Nasza Loteria NaM - pasek na kartach artykułów

Uczczą słynną działaczkę?

Redakcja
Członkowie gnieźnieńskiego TOZ-u chcą złożyć wniosek, aby gnieźnieńskie schronisko nosiło nazwę śp. Kazimiery Janas-Sędrak. Ta znana wielu osobom wielka miłośniczka zwierząt zmarła - przypomnijmy - siedem lat temu, dokładnie 9 maja 2004 roku.

- Wkrótce wniosek o nazwanie schroniska dla zwierząt jej imieniem złożymy w Urzędzie Miasta - przyznaje Janina Matczyńska, z gnieźnieńskiego oddziału TOZ-u. - Kazimiera Janas-Sędrak była założycielką placówki na Kawiarach. Wcześniej prowadziła schronisko na ulicy Warszawskiej, tam gdzie obecnie mieści się siedziba naszej placówki. Myślimy, że to, z jakim poświęceniem zajmowała się potrzebującymi zwierzętami, zasługuje na to, aby schronisko nosiło jej imię - tłumaczy Janina Matczyńska.

- Kazimiera Janas-Sędrak dała się poznać jako osoba, dla której nie ma rzeczy niemożliwych, jeżeli chodzi o pomoc potrzebującym zwierzętom - podaje Wiesława Możdżeń.

Faktycznie, kobieta do teraz jest znana wielu osobom z naszego powiatu. Szczególnie tym, którzy w niezbyt poprawnych sposób traktowali zwierzęta. Kazimiera Janas-Sędrak nigdy nie odmówiła interwencji. Swego czasu była nazywana najsłynniejszą w naszym regionie miłośniczką i obrończynią zwierząt. W jednym z wywiadów powiedziała, że za zwierzęta może zginąć. Z dnia na dzień była coraz bardziej znana. Ulice Gniezna przemierzała zazwyczaj u boku z psem lub z kilkoma czworonogami.

- Nie pozwalam się zastraszyć ludziom, którzy w świetle prawa, po prostu popełniają przestępstwa. Sprawy, w jakich interweniuję mówią same ze siebie - mówiła w innym wywiadzie.

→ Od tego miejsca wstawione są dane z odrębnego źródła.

Lemma Ffun_gram_le nu N M U : 0 <= nu <= 1 ->
  Ffun nu N (gram M U) <= fsum M (fun m => normC nu N (Defs.col U m) ^ 2).
Proof.
move=> hnu.
rewrite (fsum_ext _ _ (fun m => (1 - nu) * norm1 N (Defs.col U m) ^ 2
    + nu * fsum N (fun i => U i m ^ 2))); last by move=> m _; apply: normC_sq.
rewrite fsum_plus !fsum_scal /Ffun /trace /gram.
apply: Rplus_le_compat.
- apply: Rmult_le_compat_l; first lra.
  rewrite (fsum_ext _ (fun m => norm1 N (Defs.col U m) ^ 2)
    (fun m => fsum N (fun i => fsum N (fun j => Rabs (U i m) * Rabs (U j m)))));
    last by move=> m _; rewrite /norm1 sq_fsum.
  rewrite [in X in _ <= X]fsum_swap; apply: fsum_le => i _.
  rewrite [in X in _ <= X]fsum_swap; apply: fsum_le => j _.
  apply: Rle_trans (fsum_abs _ _) _; apply: fsum_le => m _.
  by rewrite Rabs_mult; apply: Rle_refl.
- right; rewrite fsum_swap; congr (_ * _).
  by apply: fsum_ext => m _; apply: fsum_ext => i _; ring.
Qed.

Lemma normR_sq_sum P M V :
  fsum M (fun m => normR P (Defs.col V m) ^ 2) = fsum P (fun p => fsum M (fun m => V p m ^ 2)).
Proof.
rewrite fsum_swap; apply: fsum_ext => m _; apply: pow2_sqrt.
by apply: fsum_ge0 => p _; apply: pow2_ge_0.
Qed.

Section GramOfDecomposition.
Variables (N P M : nat) (X U V : mat).
Hypothesis hX : forall i j, (i < N)%coq_nat -> (j < P)%coq_nat ->
  X i j = fsum M (fun m => U i m * V j m).

Let A := tomx N N (gram M U).
Let B := tomx N N (pinv N (gram M U)).

Fact gram_tomx_sym : (A^T)%R = A.
Proof. by apply: symmetric_tomx; apply: gram_sym. Qed.

Fact gram_tomx_ginv : (A *m B *m A)%R = A.
Proof. by apply: pinv_ginv; apply: gram_sym. Qed.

Jedną z jej najsłynniejszych akcji było uwolnienie psa o imieniu "Homo". Jego właściciel robił na nim okropne eksperymenty. Pies miał między innymi wycięty kawałek języka oraz uszkodzoną krtań, przez co wydawał dziwne dźwięki, a umożliwiało mu normalne przyjmowanie pokarmów. Ponadto jego pan umieszczał go w sztywnym gorsecie, stawiał przed sztalugami i wmawiał ludziom, że pies maluje. Jakby tego było mało, zwierzę było rażone prądem. Kiedy wszyscy zachwycali się psem artystą Kazimiera Janas-Sędrak zauważyła jego cierpienie. Pojechała do właściciela i wyrwała mu Homo z rąk. Zwierzę w końcu uwolniło się od pana-sadysty. Nie od razu było wiadomo, że to ona uwolniła psa.

Jest laureatką Medalu Miasta Gniezna, Odznaki Honorowej "Za zasługi w rozwoju Miasta Gniezna". Otrzymała również dużą ilość podziękowań za pracę na rzecz zwierząt między innymi od fundacji "Animals".

- Ile ja zwierząt uratowałam, ile wzięłam do domu- tego nie jestem w stanie policzyć. Całe swoje życie poświęciłam zwierzętom. Ja nie robie tego dla pieniędzy, ja po prostu kocham zwierzęta - stwierdziła w wywiadzie dla Gazety Poznańskiej.

Gnieźnieński schronisko dla zwierząt jest własnością miasta. O tym więc czy placówka może nosić takie imię zadecydują radni Rady Miasta. Pytany o opinie Krzysztof Półrolniczak, kierownik schroniska, zauważa, że to właśnie osoby do tego władne powinny się na ten temat wypowiadać. On sam myśli, że lepie by było, gdyby gnieźnieński TOZ przyjął imię Kazimiery Janas-Sędrak.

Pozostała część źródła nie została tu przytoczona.